Митори давно живет в городе, прошли уже годы с тех пор, и тайфун беснуется далеко, приходя лишь отголосками своего грозного шороха да порывистыми ударами ветра о стены дома, смутно представляясь ей ощеренными пастями идущих из черной мглы морских валов, но теперь тайфун связывался ею с гибелью сына, солдата, на далеких океанских островах, где он защищал родину. Ничем не грозящий Митори тайфун был оттуда, из черной мглы, поглотившей сына, и пусть он лишь чуточку колебал дом, сердце Митори сочилось и сочилось болью.
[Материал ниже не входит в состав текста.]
(* Let $n,d\ge1$, $p>d$, and let $\Delta$, $Z$, $A=ZZ^{\top}+\Delta$, $f$, $\Lambda_{ii}$ and $d_F$ be as in the context. Let $\delta>0$ and let $S$ be a second-order critical point of $f$ satisfying the proximity condition \[ d_F(S,Z)\le\delta\sqrt{\frac dn}\,\|\Delta\|_{\mathrm{op}}. \] Then \[ \max_{1\le i\le n}\Big\|\sum_{j\ne i}\Delta_{ij}S_j\Big\|_{\mathrm{op}}\le \delta\sqrt{\frac dn}\,\|\Delta\|_{\mathrm{op}}\max_{1\le i\le n}\|\Delta_i\|_{\mathrm{op}}+\max_{1\le i\le n}\|\Delta_i^{\top}Z\|_{\mathrm{op}}, \] and if \[ n\ge\frac{3\delta^2d\|\Delta\|_{\mathrm{op}}^2}{2n}+\max_{1\le i\le n}\Big\|\sum_{j\ne i}\Delta_{ij}S_j\Big\|_{\mathrm{op}}+\|\Delta\|_{\mathrm{op}}, \] then $S$ is the unique global maximizer of both (P) and (SDP) (in the sense that $SS^{\top}$ is the unique global maximizer of (SDP), has rank $d$, and equals $RR^{\top}$ for the global maximizer $R$ of (P)). In particular this conclusion holds whenever \[ n\ge\frac{3\delta^2d\|\Delta\|_{\mathrm{op}}^2}{2n}+\delta\sqrt{\frac dn}\,\|\Delta\|_{\mathrm{op}}\max_{i}\|\Delta_i\|_{\mathrm{op}}+\max_i\|\Delta_i^{\top}Z\|_{\mathrm{op}}+\|\Delta\|_{\mathrm{op}}. \]
   Context: $\Delta\in\mathbb{R}^{nd\times nd}$ is symmetric with $d\times d$ blocks $\Delta_{ij}$, $\Delta_{ji}=\Delta_{ij}^{\top}$, $\Delta_{ii}=0$; $\Delta_i^{\top}=[\Delta_{i1},\dots,\Delta_{in}]$ is its $i$-th block row. $Z^{\top}=[I_d,\dots,I_d]\in\mathbb{R}^{d\times nd}$, $A=ZZ^{\top}+\Delta$ (so $A_{ij}=I_d+\Delta_{ij}$). (P) is $\max_{R_i\in O(d)}\sum_{i,j}\langle R_iR_j^{\top},A_{ij}\rangle$; (SDP) is $\max\{\langle A,X\rangle: X\succeq0, X_{ii}=I_d\}$. $\mathrm{St}(d,p)=\{S_i\in\mathbb{R}^{d\times p}:S_iS_i^{\top}=I_d\}$; $S\in\mathbb{R}^{nd\times p}$ has blocks $S_i\in\mathrm{St}(d,p)$ and $f(S)=\langle A,SS^{\top}\rangle=\sum_{i,j}\langle A_{ij},S_iS_j^{\top}\rangle$. Put $\Lambda_{ii}=\frac12\sum_{j=1}^n(S_iS_j^{\top}A_{ji}+A_{ij}S_jS_i^{\top})$. The tangent space at $S_i$ is $T_{S_i}=\{Y\in\mathbb{R}^{d\times p}:S_iY^{\top}+YS_i^{\top}=0\}$. $S$ is a second-order critical point of $f$ if $\sum_jA_{ij}S_j=\Lambda_{ii}S_i$ for all $i$ (vanishing Riemannian gradient) and $\sum_i\langle\Lambda_{ii},\dot S_i\dot S_i^{\top}\rangle\ge\sum_{i,j}\langle A_{ij},\dot S_i\dot S_j^{\top}\rangle$ for all $\dot S_i\in T_{S_i}$ (negative semidefinite Riemannian Hessian). $d_F(S,Z)=\min\{(\sum_{i}\|S_i-Q\|_F^2)^{1/2}: Q\in\mathbb{R}^{d\times p},QQ^{\top}=I_d\}$. *)

From HB Require Import structures.
From mathcomp Require Import all_boot all_order all_algebra.
From mathcomp Require Import classical_sets reals.
Set Implicit Arguments. Unset Strict Implicit. Unset Printing Implicit Defensive.
Import Order.TTheory GRing.Theory Num.Theory.
Local Open Scope ring_scope.
Local Open Scope classical_set_scope.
Дом был крепок, и в долгие часы бессонницы Митори вспоминалось, как муж и сын строили его. Сквозь туман полузабытья она видела их лоснящиеся от здорового пота лица, их белые, тоже пропотевшие рубашки. Дом был единственной памятью сына, Митори боялась упустить мельчайшую картинку из того, что они делали с отцом, а они делали все прочно и надежно — врывали столбы, высоко над землей, чтобы в доме было сухо, стлали пол, делали стены из крепкого бамбука, промазывали их толстым слоем глины, перемешанной с иссеченной рисовой соломой. Раздвижные рамы были легки и красивы, крышу, не скупясь на затраты, покрыли черепицей, тоже уложив ее для прочности на глину.

И вот по ночам, под долетавшим с океана ветром, их дом лишь немного подрагивал, и Митори была убеждена, что это душа сына прилетела издалека, из непроницаемой океанской мглы. Разве могла она сомкнуть глаза: наступил великий Даймонджи, праздник усопших, и душа сына должна была возвратиться на землю, чтобы пробыть на ней всего три дня и за эти три дня успеть побывать в своем доме, в своей семье, у своих друзей, на реке, куда бегал мальчиком, на своей любимой лагуне, должно быть, уже покрытой лотосами, они тоже зацвели.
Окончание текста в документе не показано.